#### WORK REQUIRED:
Two lines mark the range in the entries below: the one holding "- by rewrite ex; apply: eq_big_seq => i ->." and the one holding "Proof. by case: (hcompP x) =>". Set down those two and all lines between them, exactly.

#### DATA UNDER STUDY:

Lemma decomposition_uniq P Q x s f t g :
  decomp P x s f -> decomp Q x t g -> forall k, f k = g k.
Proof.
case=> us hs zs ex [ut ht zt ext] k.
pose u := undup (s ++ t).
have uu : uniq u by apply: undup_uniq.
have notin_u i : i \notin u -> i \notin s /\ i \notin t.
  by rewrite mem_undup mem_cat negb_or => /andP.
have hsum : \sum_(i <- u) (f i - g i) = 0.
  rewrite sumrB (@big_uniq_supp _ f u s) ?(@big_uniq_supp _ g u t) -?ex -?ext ?subrr //.
  - by move=> i /notin_u[_ /zt].
  - by move=> i /notin_u[/zs].
have dg_f i : dg i (f i).
  by case: (boolP (i \in s)) => his; [case: (hs i his) | rewrite zs //; apply: deg0].
have dg_g i : dg i (g i).
  by case: (boolP (i \in t)) => hit; [case: (ht i hit) | rewrite zt //; apply: deg0].
case: (boolP (k \in u)) => ku; last by case/notin_u: ku => /zs -> /zt ->.
apply/eqP; rewrite -subr_eq0; apply/eqP; apply: (homog_sum_eq0 HV uu _ hsum) => //.
by move=> i _; apply: (degB HV).
Qed.

Lemma hcomp_decomposition P x s f k : decomp P x s f -> hcomp k x = f k.
Proof. by move=> h; apply: (decomposition_uniq (hcompP x) h). Qed.

Lemma hcomp_sum_homog x (s : seq int) (f : int -> car K V) k : uniq s ->
  (forall i, i \in s -> dg i (f i)) -> x = \sum_(i <- s) f i ->
  hcomp k x = if k \in s then f k else 0.
Proof.
move=> us hs ex.
apply: (@hcomp_decomposition (fun _ => True) x s (fun i => if i \in s then f i else 0)).
split => //.
- by move=> i hi; rewrite hi; split => //; apply: hs.
- by move=> i /negbTE ->.
- by rewrite ex; apply: eq_big_seq => i ->.
Qed.

Lemma deg_hcomp k x : dg k (hcomp k x).
Proof.
case: (hcompP x) => _ hs zs _; case: (boolP (k \in hsupp x)) => hk.
  by case: (hs k hk).
by rewrite zs //; apply: (deg0 HV).
Qed.

Lemma hsupp_uniq x : uniq (hsupp x).
Proof. by case: (hcompP x). Qed.
Lemma hcomp_notin_supp x k : k \notin hsupp x -> hcomp k x = 0.
Proof. by case: (hcompP x) => _ _ h _; apply: h. Qed.
Lemma hcomp_expand x : x = \sum_(k <- hsupp x) hcomp k x.
Proof. by case: (hcompP x). Qed.

Lemma hcomp_homog k x l : dg k x -> hcomp l x = if l == k then x else 0.
Proof.
move=> hx; rewrite (@hcomp_sum_homog x [:: k] (fun _ => x)) //.
- by rewrite inE.
- by move=> i; rewrite inE => /eqP ->.
- by rewrite big_cons big_nil addr0.
Qed.

Lemma hcomp_id k x : dg k x -> hcomp k x = x.
Proof. by move=> hx; rewrite (hcomp_homog k hx) eqxx. Qed.
Lemma hcomp_eq0 k x l : dg k x -> l != k -> hcomp l x = 0.
Proof. by move=> hx nlk; rewrite (hcomp_homog l hx) (negbTE nlk). Qed.
Lemma hcomp0 k : hcomp k 0 = 0.
Proof. by rewrite (hcomp_homog k (deg0 HV 0)); case: eqP. Qed.

Lemma hcompDZ k a x y : hcomp k (a *: x + y) = a *: hcomp k x + hcomp k y.
Proof.
pose u := undup (hsupp x ++ hsupp y).
have notin_u i : i \notin u -> hcomp i x = 0 /\ hcomp i y = 0.
  by rewrite mem_undup mem_cat negb_or => /andP[/hcomp_notin_supp -> /hcomp_notin_supp ->].
rewrite (@hcomp_sum_homog _ u (fun i => a *: hcomp i x + hcomp i y)) ?undup_uniq //.
- by case: ifP => // /negbT /notin_u[-> ->]; rewrite scaler0 addr0.
- by move=> i _; apply: (degDZ HV) => //; apply: deg_hcomp.
have over_u z : (forall i, i \notin u -> hcomp i z = 0) -> z = \sum_(i <- u) hcomp i z.
  move=> hz; rewrite {1}[z]hcomp_expand; apply: big_uniq_supp => //.
  - exact: hsupp_uniq.
  - exact: undup_uniq.
  - exact: hcomp_notin_supp.
by rewrite big_split /= -scaler_sumr -!over_u // => i /notin_u[].
Qed.

Lemma hcompD k x y : hcomp k (x + y) = hcomp k x + hcomp k y.
Proof. by have := hcompDZ k 1 x y; rewrite !scale1r. Qed.
Lemma hcomp_sum k (I : Type) (r : seq I) (F : I -> car K V) :
  hcomp k (\sum_(i <- r) F i) = \sum_(i <- r) hcomp k (F i).
Proof.
elim: r => [|i r IH]; first by rewrite !big_nil hcomp0.
by rewrite !big_cons hcompD IH.
Qed.

Lemma in_degsP (P : int -> Prop) x :
  in_degs K V P x <-> (forall k, ~ P k -> hcomp k x = 0).
Proof.
split.
  move=> /(in_degs_decomposition HV) [s [f h]] k nPk; rewrite (hcomp_decomposition k h).
  by case: h => _ hs zs _; apply: zs; apply/negP => /hs [].
move=> h; exists [seq k <- hsupp x | `[< P k >]], (fun k => hcomp k x); split.
  by move=> k; rewrite mem_filter => /andP [/asboolP Pk _]; split => //; exact: deg_hcomp.
rewrite big_filter [RHS]big_mkcond /= {1}[x]hcomp_expand; apply: eq_bigr => k _.
by case: asboolP => // /h.
Qed.

Lemma plus_partP x : plus x <-> (forall k, k <= 0 -> hcomp k x = 0).
Proof.
rewrite /plus_part in_degsP; split=> h k hk; apply: h.
- by rewrite ltNge hk.
- by rewrite leNgt; apply/negP.
Qed.

Lemma plus_part0 : plus 0.
Proof. by apply/plus_partP => k _; rewrite hcomp0. Qed.
Lemma plus_partDZ a x y : plus x -> plus y -> plus (a *: x + y).
Proof.
move=> /plus_partP hx /plus_partP hy; apply/plus_partP => k hk.
by rewrite hcompDZ hx ?hy ?scaler0 ?addr0.
Qed.
Lemma plus_partD x y : plus x -> plus y -> plus (x + y).
Proof. by move=> hx hy; have := plus_partDZ 1 hx hy; rewrite scale1r. Qed.
Lemma plus_partB x y : plus x -> plus y -> plus (x - y).
Proof. by move=> hx hy; rewrite -scaleN1r addrC; apply: plus_partDZ. Qed.
Lemma plus_part_sum (I : eqType) (r : seq I) F :
  (forall i, i \in r -> plus (F i)) -> plus (\sum_(i <- r) F i).
Proof.
elim: r => [|i r IH] h; first by rewrite big_nil; apply: plus_part0.
rewrite big_cons; apply: plus_partD; first by apply: h; rewrite mem_head.
by apply: IH => i' hi'; apply: h; rewrite in_cons hi' orbT.
Qed.
Lemma plus_part_homog k x : 0 < k -> dg k x -> plus x.
Proof.
move=> hk hx; apply/plus_partP => l hl; apply: (hcomp_eq0 hx).
by apply: contraTN hl => /eqP ->; rewrite -ltNge.
Qed.
Lemma plus_part_hcomp k x : plus x -> plus (hcomp k x).
Proof.
move=> px; case: (leP k 0) => hk.
  by rewrite ((plus_partP _).1 px k hk); apply: plus_part0.
exact: plus_part_homog hk (deg_hcomp _ _).
Qed.
Lemma plus_part_deg_le0 k x : plus x -> dg k x -> k <= 0 -> x = 0.
Proof. by move=> /plus_partP h hx hk; rewrite -(hcomp_id hx); apply: h. Qed.

Lemma hcomp_br m x y :
  hcomp m (br x y) = \sum_(a <- hsupp x) br (hcomp a x) (hcomp (m - a) y).
Proof.
rewrite {1}[x]hcomp_expand (br_suml HV) hcomp_sum; apply: eq_bigr => a _.
rewrite {1}[y]hcomp_expand (br_sumr HV) hcomp_sum.
have deg_m : dg m (br (hcomp a x) (hcomp (m - a) y)).
  by rewrite -{1}(subrKC a m); apply: (deg_br HV); apply: deg_hcomp.
rewrite (@big_uniq_supp _ _ (hsupp y) [:: m - a]) ?hsupp_uniq //.
- by rewrite big_cons big_nil addr0 hcomp_id.
- by move=> k hk; rewrite (hcomp_notin_supp hk) (br0r HV) hcomp0.
- move=> k; rewrite inE => nk; apply: (hcomp_eq0 (k := a + k)).
    by apply: (deg_br HV); apply: deg_hcomp.
  by apply: contra nk => /eqP ->; rewrite addrC addKr.
Qed.

Lemma plus_part_br x y : plus x -> plus y -> plus (br x y).
Proof.
move=> /plus_partP px /plus_partP py; rewrite [x]hcomp_expand [y]hcomp_expand (br_suml HV).
apply: plus_part_sum => a _; rewrite (br_sumr HV); apply: plus_part_sum => b _.
case: (leP a 0) => ha; first by rewrite px // (br0l HV); apply: plus_part0.
case: (leP b 0) => hb; first by rewrite py // (br0r HV); apply: plus_part0.
by apply: (@plus_part_homog (a + b)); [apply: addr_gt0 | apply: (deg_br HV); apply: deg_hcomp].
Qed.

End Components.

Section GeneratedInduction.
Variable K : fieldType.
Variable V : GLSA K.
Hypothesis HV : is_GLSA K V.
Hypothesis Vgen : plus_generated_by_deg1 K V.

Local Notation dg := (deg K V).
Local Notation br := (br K V).
Local Notation plus := (plus_part K V).

Variable P : int -> car K V -> Prop.
Hypothesis P0 : forall l, 0 < l -> P l 0.
Hypothesis PDZ : forall l a v w, 0 < l -> dg l v -> dg l w -> P l v -> P l w ->
  P l (a *: v + w).
Hypothesis Pbr : forall a b v w, 0 < a -> 0 < b -> dg a v -> dg b w -> P a v -> P b w ->
  P (a + b) (br v w).
Hypothesis P1 : forall u, dg 1 u -> P 1 u.

Lemma homog_ind_sum l (I : eqType) (r : seq I) F : 0 < l ->
  (forall i, i \in r -> dg l (F i) /\ P l (F i)) -> P l (\sum_(i <- r) F i).
Proof.
move=> hl; elim: r => [|i r IH] h; first by rewrite big_nil; apply: P0.
have [d1 t1] := h i (mem_head _ _).
have h' j : j \in r -> dg l (F j) /\ P l (F j) by move=> hj; apply: h; rewrite in_cons hj orbT.
rewrite big_cons -[F i]scale1r; apply: PDZ => //; last exact: IH.
by apply: (deg_sum HV) => j /h'[].
Qed.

#### SOLUTION BELOW:
- by rewrite ex; apply: eq_big_seq => i ->.
Qed.

Lemma deg_hcomp k x : dg k (hcomp k x).
Proof.
case: (hcompP x) => _ hs zs _; case: (boolP (k \in hsupp x)) => hk.
  by case: (hs k hk).
by rewrite zs //; apply: (deg0 HV).
Qed.

Lemma hsupp_uniq x : uniq (hsupp x).
Proof. by case: (hcompP x). Qed.
Lemma hcomp_notin_supp x k : k \notin hsupp x -> hcomp k x = 0.
Proof. by case: (hcompP x) => _ _ h _; apply: h. Qed.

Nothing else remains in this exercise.